SBF has been accused of so many things and there's more information coming to light all the time.[1] I'm interested in what people here think the core concrete (legal/ethical) accusations are. I myself still don't feel like I have enough clarity to know what lessons should be drawn from everything; I welcome other's insights.
My own view at this point of the main thing SBF did wrong is: HE MARKETED FTX AS A RELATIVELY SAFE EXCHANGE WHEN HE KNEW IT WAS CHAOS BEHIND THE SCENES.
All the other accusations appear much less important than this one and/or don't stand up to scrutiny. For instance:
- I don't believe anyone knew about Alameda's additional $8b liability to FTX via the fiat@ account until summer-fall 2022, SBF included.

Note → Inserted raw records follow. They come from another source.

(* Let $M$ be a real symmetric $n\times n$ matrix with exactly one positive eigenvalue and $n-1$ negative eigenvalues (and no zero eigenvalue), and write $\det(xI-M)=\sum_{k=0}^n a_kx^k$. (1) If $\mathrm{Trace}(M)=0$, then the sequence $|a_0|,|a_1|,\ldots,|a_{n-2}|$ is log-concave and unimodal. (2) If $\mathrm{Trace}(M)>0$, then the sequence $|a_0|,|a_1|,\ldots,|a_{n-1}|$ is log-concave and unimodal.
   Context: A sequence $a_0,\dots,a_m$ is unimodal if there is an index $k$ with $a_{j-1}\le a_j$ for $j\le k$ and $a_j\ge a_{j+1}$ for $j\ge k$; it is log-concave if $a_i^2\ge a_{i-1}a_{i+1}$ for $1\le i\le m-1$. *)

From HB Require Import structures.
From mathcomp Require Import all_boot all_order all_algebra.
From mathcomp Require Import reals.
Set Implicit Arguments. Unset Strict Implicit. Unset Printing Implicit Defensive.
Import Order.TTheory GRing.Theory Num.Theory.
Local Open Scope ring_scope.

Definition unimodal (R : numDomainType) (a : nat -> R) (m : nat) : Prop :=
  exists k : nat, (k <= m)%N /\
    (forall j : nat, (1 <= j <= k)%N -> a j.-1 <= a j) /\
    (forall j : nat, (k <= j < m)%N -> a j.+1 <= a j).

Definition log_concave (R : numDomainType) (a : nat -> R) (m : nat) : Prop :=
  forall i : nat, (1 <= i <= m.-1)%N -> a i.-1 * a i.+1 <= a i ^+ 2.

Definition one_pos_rest_neg (R : realType) (n : nat) (M : 'M[R]_n) : Prop :=
  exists lam : 'I_n -> R,
    char_poly M = \prod_(i < n) ('X - (lam i)%:P) /\
    exists i0 : 'I_n, 0 < lam i0 /\ forall i : 'I_n, i != i0 -> lam i < 0.

From HB Require Import structures.
From mathcomp Require Import all_boot all_order all_algebra.
From mathcomp Require Import reals.
From mathcomp.real_closed Require Import polyorder polyrcf.
From mathcomp Require Import zify ring.
Import Order.TTheory GRing.Theory Num.Theory.
Local Open Scope ring_scope.

(* Write char_poly M = (X - l) Q with l > 0, where Q has only negative roots
   and hence positive coefficients.  Differentiation preserves real-rootedness
   (Rolle), and Laguerre's inequality p'^2 - p p'' >= 0 for real-rooted p,
   applied to the j-th derivative at 0, gives Newton's inequality
   (j+2) q_j q_(j+2) <= (j+1) q_(j+1)^2.  So the coefficients a_k of
   char_poly M are log-concave and those of Q strictly so.  Since
   a_k = Q_(k-1) - l Q_k, strict log-concavity of Q carries a_(k+1) <= 0 down
   to a_k < 0; as a_(n-1) = - Tr M, the a_k are negative up to n-2 when
   Tr M >= 0, and up to n-1 when Tr M > 0.  Finally a positive log-concave
   sequence is unimodal. *)

Local Notation "\prod_XsubC s" := (\prod_(x <- s) ('X - x%:P))
  (at level 36, s at level 0).

Section IdomainProdXsubC.
Context {R : idomainType}.

Lemma dvdp_prod_XsubC_deriv (u v : seq R) : {subset u <= v} ->
  \prod_XsubC u %| (\prod_XsubC u)^`() * \prod_XsubC v.
Proof.
elim: u => [|y u IHu] sub_uv; first by rewrite big_nil dvd1p.
have sub_u : {subset u <= v} by move=> x ux; apply: sub_uv; rewrite inE ux orbT.
have y_root : root (\prod_XsubC v) y by rewrite root_prod_XsubC sub_uv ?mem_head.
rewrite big_cons derivM derivXsubC mul1r [_ * \prod_XsubC v]mulrDl.
apply: dvdp_add.
  by rewrite mulrC dvdp_mul // dvdp_XsubCl.
by rewrite -mulrA dvdp_mul // IHu.
Qed.

End IdomainProdXsubC.

Section RealDomain.
Context {R : realDomainType}.
Implicit Types (q : {poly R}) (s : seq R).

Definition real_rooted q := exists c s, q = c *: \prod_XsubC s.

Lemma coef_prod_XsubC_ge0 s k : all (fun x => x < 0) s -> 0 <= (\prod_XsubC s)`_k.
Proof.
elim: s k => [|a s IHs] k /=; first by rewrite big_nil coef1; case: k.
move=> /andP[a_lt0 s_lt0]; rewrite big_cons mulrBl coefB coefXM coefCM -mulNr.
have Na_ge0 : 0 <= - a by rewrite oppr_ge0 ltW.
by case: k => [|k]; rewrite addr_ge0 ?mulr_ge0 ?IHs.
Qed.

Lemma coef_prod_XsubC_gt0 s k : all (fun x => x < 0) s -> (k <= size s)%N ->
  0 < (\prod_XsubC s)`_k.
Proof.
elim: s k => [|a s IHs] k /=; first by rewrite big_nil coef1 leqn0 => _ /eqP ->.
move=> /andP[a_lt0 s_lt0] le_k_s; rewrite big_cons mulrBl coefB coefXM coefCM -mulNr.
have Na_gt0 : 0 < - a by rewrite oppr_gt0.
case: k le_k_s => [|k] /= le_k_s; first by rewrite add0r mulr_gt0 ?IHs.
apply: lt_le_trans (IHs k s_lt0 le_k_s) _.
by rewrite lerDl mulr_ge0 ?coef_prod_XsubC_ge0 ?ltW.
Qed.

Definition laguerre q x := q^`().[x] ^+ 2 - q.[x] * q^`()^`().[x].

Lemma laguerre_XsubC_mul a q x :
  laguerre (('X - a%:P) * q) x = q.[x] ^+ 2 + (x - a) ^+ 2 * laguerre q x.
Proof.
rewrite /laguerre derivM derivXsubC mul1r derivD derivM derivXsubC mul1r !hornerE.
set g0 := q.[x]; set g1 := q^`().[x]; set g2 := q^`()^`().[x].
change ((g0 + (x - a) * g1) ^+ 2 - (x - a) * g0 * (g1 + g1 + (x - a) * g2)
  = g0 ^+ 2 + (x - a) ^+ 2 * (g1 ^+ 2 - g0 * g2)); ring.
Qed.

Lemma laguerre_prod_XsubC_ge0 s x : 0 <= laguerre (\prod_XsubC s) x.
Proof.
elim: s => [|a s IHs]; last first.
  by rewrite big_cons laguerre_XsubC_mul addr_ge0 ?sqr_ge0 // mulr_ge0 ?sqr_ge0.
by rewrite big_nil /laguerre -polyC1 !derivC !horner0 mulr0 expr0n subrr.
Qed.

Lemma real_rooted_laguerre_ge0 q x : real_rooted q -> 0 <= laguerre q x.
Proof.
case=> c [s ->]; have -> : laguerre (c *: \prod_XsubC s) x =
    c ^+ 2 * laguerre (\prod_XsubC s) x.
  rewrite /laguerre !derivZ !hornerZ; set p := \prod_XsubC s; ring.
by rewrite mulr_ge0 ?sqr_ge0 ?laguerre_prod_XsubC_ge0.
Qed.

(* The bound [m.-1] covers [k = 0] even when [m = 0]. *)
Lemma coef_XsubC_mul_lt0 c q m : 0 < c -> (forall k, (k <= m)%N -> 0 < q`_k) ->
    (forall j, 0 < q`_j * q`_j.+2 -> q`_j * q`_j.+2 < q`_j.+1 ^+ 2) ->
    (('X - c%:P) * q)`_m <= 0 ->
  forall k, (k <= m.-1)%N -> (('X - c%:P) * q)`_k < 0.
Proof.
move=> c_gt0 q_gt0 q_lc; set F := _ * q => Fm_le0.
have coefF k : F`_k = (if k == 0%N then 0 else q`_k.-1) - c * q`_k.
  by rewrite /F mulrBl coefB coefXM coefCM.
have F0_lt0 : F`_0 < 0 by rewrite coefF sub0r oppr_lt0 mulr_gt0 ?q_gt0.
have step k : (k < m)%N -> F`_k.+1 <= 0 -> F`_k < 0.
  case: k => [_ _ //|k lt_km]; rewrite !coefF /= subr_le0 subr_lt0 => le_q1_cq2.
  have q0_gt0 : 0 < q`_k by rewrite q_gt0 //; lia.
  have q1_gt0 : 0 < q`_k.+1 by rewrite q_gt0 //; lia.
  have q2_gt0 : 0 < q`_k.+2 by rewrite q_gt0.
  rewrite -(ltr_pM2r q2_gt0); apply: lt_le_trans (q_lc k (mulr_gt0 _ _)) _ => //.
  by rewrite mulrAC expr2 ler_pM2r.
have F_le0 d : (d <= m)%N -> F`_(m - d) <= 0.
  elim: d => [|d IHd] le_dm; first by rewrite subn0.
  by apply/ltW/step; rewrite ?subnSK ?IHd //; lia.
move=> [_ //|k le_k]; have lt_km : (k.+1 < m)%N by lia.
by apply: step => //; rewrite -(subKn lt_km) F_le0 ?leq_subr.
Qed.

Lemma log_concave_unimodal (b : nat -> R) m : (forall k, (k <= m)%N -> 0 < b k) ->
  log_concave b m -> unimodal b m.
Proof.
move=> b_gt0 lc_b.
have descent j : (j.+1 < m)%N -> b j.+1 <= b j -> b j.+2 <= b j.+1.
  move=> lt_jm le_b; have lc_j : b j * b j.+2 <= b j.+1 ^+ 2 by apply: (lc_b j.+1); lia.
  have bj_gt0 : 0 < b j by rewrite b_gt0 //; lia.
  rewrite -(ler_pM2l bj_gt0); apply: le_trans lc_j _.
  by rewrite expr2 mulrC ler_pM2r ?b_gt0 //; lia.
pose stops j := (m <= j)%N || (b j.+1 <= b j).
have stops_m : exists j, stops j by exists m; rewrite /stops leqnn.
case: (ex_minnP stops_m) => k stops_k k_min.
exists k; split; first by apply: k_min; rewrite /stops leqnn.
split=> j /andP[].
  move=> j_gt0 le_jk; have: ~~ stops j.-1 by apply: contraTN le_jk => /k_min; lia.
  by rewrite negb_or -ltNge prednK // => /andP[_ /ltW].
move=> /subnKC <-; elim: (j - k)%N => [|d IHd] lt_m.
  by move: stops_k; rewrite addn0 in lt_m *; rewrite /stops leqNgt lt_m.
by rewrite addnS in lt_m *; apply: descent => //; apply: IHd; lia.
Qed.

Lemma lt0_log_concave_unimodal_norm (a : nat -> R) m :
    (forall k, (k <= m)%N -> a k < 0) -> log_concave a m ->
  log_concave (fun k => `|a k|) m /\ unimodal (fun k => `|a k|) m.
Proof.
move=> a_lt0 lc_a.
have lc_norm : log_concave (fun k => `|a k|) m.
  move=> i i_range /=; rewrite !ltr0_norm ?a_lt0 ?mulrNN ?sqrrN ?lc_a //; lia.
split=> //; apply: log_concave_unimodal => // k le_km.
by rewrite normr_gt0 lt_eqF ?a_lt0.
Qed.

End RealDomain.

Section RealClosedField.
Context {R : rcfType}.
Implicit Types (p q : {poly R}) (s : seq R).

Lemma rolle_path p a v : path <%R a v -> all (root p) (a :: v) ->
  exists w, [/\ size w = size v, uniq w, all (root p^`()) w,
    all (fun x => a < x) w & all (fun x => x \notin a :: v) w].
Proof.
elim: v a => [|b v IHv] a; first by exists [::].
move=> /andP[lt_ab path_bv] /andP[pa root_bv]; have /andP[pb _] := root_bv.
have [w [size_w uniq_w root_w gt_w notin_w]] := IHv b path_bv root_bv.
have pab : p.[a] = p.[b] by rewrite (rootP pa) (rootP pb).
have [c] := poly_rolle lt_ab pab.
rewrite in_itv /= => /andP[lt_ac lt_cb] root_c.
have gt_v : all (fun x => b < x) v by apply: order_path_min path_bv; exact: lt_trans.
have gt_b_neq_c x : b < x -> x != c by move=> lt_bx; rewrite gt_eqF ?(lt_trans lt_cb).
have notin_gt_b t : all (fun x => b < x) t -> c \notin t.
  by move=> gt_t; apply/negP => /(allP gt_t) /gt_b_neq_c; rewrite eqxx.
exists (c :: w); split => /=.
- by rewrite size_w.
- by rewrite uniq_w notin_gt_b.
- by rewrite root_w andbT; apply/rootP.
- by rewrite lt_ac; apply/allP => x /(allP gt_w); apply: lt_trans.
- rewrite !inE (gt_eqF lt_ac) (lt_eqF lt_cb) notin_gt_b //=.
  apply/allP => x xw; have lt_bx := allP gt_w x xw.
  by rewrite inE negb_or (allP notin_w) // andbT gt_eqF ?(lt_trans lt_ab).
Qed.

Lemma real_rooted_deriv_prod_XsubC s : real_rooted (\prod_XsubC s)^`().
Proof.
case: s => [|x0 s0]; first by exists 0, [::]; rewrite big_nil -polyC1 derivC scale0r.
set s := x0 :: s0; set p := \prod_XsubC s; set v := undup s.
(* [u] holds the repeated roots of [p], which divide [p'] with multiplicity one
   less; Rolle supplies [size v - 1] further roots between consecutive distinct
   roots, and together they account for the whole degree of [p']. *)
have [u perm_s] := perm_to_subseq (undup_subseq s).
have sub_uv : {subset u <= v}.
  by move=> y uy; rewrite mem_undup (perm_mem perm_s) mem_cat uy orbT.
case def_v: (sort <=%R v) => [|a vs].
  by have := mem_sort <=%R v x0; rewrite def_v mem_undup mem_head.
have [w [size_w uniq_w root_w _ notin_w]] : exists w, [/\ size w = size vs, uniq w,
    all (root p^`()) w, all (fun x => a < x) w & all (fun x => x \notin a :: vs) w].
  apply: rolle_path; first by have := sort_lt_sorted v; rewrite def_v undup_uniq.
  by apply/allP => y; rewrite -def_v mem_sort mem_undup root_prod_XsubC.
have u_dvd : \prod_XsubC u %| p^`().
  rewrite /p (perm_big _ perm_s) big_cat derivM /=; apply: dvdp_add.
    exact/dvdp_mull/dvdpp.
  by rewrite mulrC dvdp_prod_XsubC_deriv.
have w_dvd : \prod_XsubC w %| p^`() by rewrite uniq_roots_dvdp ?uniq_rootsE.
have coprime_uw : coprimep (\prod_XsubC u) (\prod_XsubC w).
  rewrite [X in coprimep _ X]big_seq.
  apply: (big_ind (coprimep _)) => [|q1 q2 co1 co2|y yw]; first exact: coprimep1.
    by rewrite coprimepMr co1.
  rewrite coprimep_XsubC root_prod_XsubC; apply: contra (allP notin_w y yw).
  by rewrite -def_v mem_sort => /sub_uv.
have size_uw : size (\prod_XsubC u * \prod_XsubC w) = size p^`().
  rewrite -big_cat size_deriv !size_prod_XsubC size_cat size_w (perm_size perm_s).
  by rewrite size_cat -(size_sort <=%R v) def_v /= addnC.
have /eqpP[[c1 c2] /andP[c1_neq0 c2_neq0] /= eq_c] :
    \prod_XsubC u * \prod_XsubC w %= p^`().
  by rewrite -dvdp_size_eqp ?size_uw // Gauss_dvdp // u_dvd w_dvd.
exists (c1 / c2), (u ++ w).
by rewrite big_cat mulrC -scalerA eq_c scalerA mulVf // scale1r.
Qed.

Lemma real_rooted_deriv q : real_rooted q -> real_rooted q^`().
Proof.
case=> c [s ->]; rewrite derivZ; have [c' [t ->]] := real_rooted_deriv_prod_XsubC s.
by exists (c * c'), t; rewrite scalerA.
Qed.

Lemma real_rooted_derivn q j : real_rooted q -> real_rooted q^`(j).
Proof.
move=> q_rr; elim: j => [|j IHj]; first by rewrite derivn0.
by rewrite derivnS; apply: real_rooted_deriv.
Qed.

Lemma real_rooted_newton q j : real_rooted q ->
  q`_j * q`_j.+2 * j.+2%:R <= q`_j.+1 ^+ 2 * j.+1%:R.
Proof.
move=> /(real_rooted_derivn _ j) /(real_rooted_laguerre_ge0 _ 0).
rewrite /laguerre -!derivnS !horner_coef0 !coef_derivn !addn0 !ffactnn.
rewrite -[q`_j.+1 *+ _]mulr_natr -[q`_j *+ _]mulr_natr -[q`_j.+2 *+ _]mulr_natr.
rewrite !factS !natrM.
set f := j`!%:R; set k1 := j.+1%:R; set k2 := j.+2%:R.
have f_gt0 : 0 < f by rewrite ltr0n fact_gt0.
have -> : (q`_j.+1 * (k1 * f)) ^+ 2 - q`_j * f * (q`_j.+2 * (k2 * (k1 * f)))
  = f ^+ 2 * k1 * (q`_j.+1 ^+ 2 * k1 - q`_j * q`_j.+2 * k2) by ring.
by rewrite pmulr_rge0 ?subr_ge0 // mulr_gt0 ?exprn_gt0 // ltr0n.
Qed.

Lemma real_rooted_coef_ltr q j : real_rooted q -> 0 < q`_j * q`_j.+2 ->
  q`_j * q`_j.+2 < q`_j.+1 ^+ 2.
Proof.
move=> /(real_rooted_newton _ j) newton P_gt0; have k_gt0 : 0 < j.+1%:R :> R by [].
rewrite -(ltr_pM2r k_gt0); apply: lt_le_trans newton.
by rewrite -(natr1 j.+1) mulrDr mulr1 ltrDl.
Qed.

Lemma real_rooted_coef_log_concave q j : real_rooted q ->
  q`_j * q`_j.+2 <= q`_j.+1 ^+ 2.
Proof.
move=> q_rr; have [P_le0 | P_gt0] := lerP (q`_j * q`_j.+2) 0.
  exact: le_trans P_le0 (sqr_ge0 _).
exact/ltW/real_rooted_coef_ltr.
Qed.

End RealClosedField.

Theorem corollary2p3 (R : realType) (n : nat) (M : 'M[R]_n) :
  M^T = M -> one_pos_rest_neg M ->
  (\tr M = 0 ->
     log_concave (fun k => `|(char_poly M)`_k|) n.-2 /\
     unimodal (fun k => `|(char_poly M)`_k|) n.-2) /\
  (0 < \tr M ->
     log_concave (fun k => `|(char_poly M)`_k|) n.-1 /\
     unimodal (fun k => `|(char_poly M)`_k|) n.-1).
Proof.
move=> _ [lam [charM [i0 [lam_i0_gt0 lam_lt0]]]].
have n_gt0 : (0 < n)%N by apply: leq_ltn_trans (ltn_ord i0).
set F := char_poly M; set negs := [seq lam i | i <- index_enum 'I_n & i != i0].
set Q := \prod_XsubC negs.
have F_eq : F = ('X - (lam i0)%:P) * Q.
  by rewrite /F charM (bigD1 i0) //= /Q big_map big_filter.
have F_rr : real_rooted F.
  by exists 1, [seq lam i | i <- index_enum 'I_n]; rewrite scale1r big_map /F charM.
have Q_rr : real_rooted Q by exists 1, negs; rewrite scale1r.
have size_negs : size negs = n.-1.
  by rewrite size_map -[in RHS](card_ord n) -(cardC1 i0) cardE.
have Q_gt0 k : (k <= n.-1)%N -> 0 < Q`_k.
  rewrite -size_negs; apply: coef_prod_XsubC_gt0.
  apply/allP => x /mapP[i]; rewrite mem_filter => /andP[i_neq_i0 _] ->.
  exact: lam_lt0.
have F_lt0 : 0 <= \tr M -> forall k, (k <= n.-2)%N -> F`_k < 0.
  move=> tr_ge0; rewrite F_eq; apply: coef_XsubC_mul_lt0 => //.
  - by move=> j; apply: real_rooted_coef_ltr.
  - by rewrite -F_eq char_poly_trace // oppr_le0.
have F_lc m : log_concave (fun k => F`_k) m.
  by move=> i /andP[i_gt0 _]; rewrite -(prednK i_gt0) real_rooted_coef_log_concave.
split=> [tr0 | tr_gt0]; apply: lt0_log_concave_unimodal_norm => // k le_k.
  by apply: F_lt0; rewrite ?tr0.
have [le_k' | ->] : (k <= n.-2)%N \/ k = n.-1 by lia.
  by apply: F_lt0 => //; exact: ltW.
by rewrite char_poly_trace // oppr_lt0.
Qed.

- This seems to be the story told by Caroline, Gary, Nishad and of course, SBF.
- It seems really bad to run a company in such a way that mistakes of this magnitude can occur. But an honest mistake is different from fraud.
- Running an offshore crypto company this chaotically is not illegal per se.
- I haven't come up with a much better course of action than they took when they discovered this mistake.
- Alameda didn't need to borrow more to repay the recalled loans.[2]
- Alameda's net asset value was still ~$10 billion, although much was tied up in illiquid investments; things didn't feel "bulletproof" now, but still basically fine. (SBF obviously not anticipating CZ's fatal blow in November.)
- Over the next few months, SBF spent time trying to raise liquidity, sorting out their accounting and exploring replacing Alameda with a better managed backstop liquidity provider like Modulo. Alameda also began repaying FTX.[2]
- The funds Alameda otherwise borrowed from FTX came entirely from the margin lending program, which was permissible under the Terms Of Service.
- For efficiency, Alameda didn't post collateral because SBF (unaware of the $8b fiat@ issue) felt confident they had enough and, since he owned 90% of Alameda, felt confident he could take it if needed.[3]
- The code granting special privileges to market makers, Alameda included, was accessible to any senior developer at FTX. Their general policy was to not publicly disclose info about customer accounts and they saw no need to here.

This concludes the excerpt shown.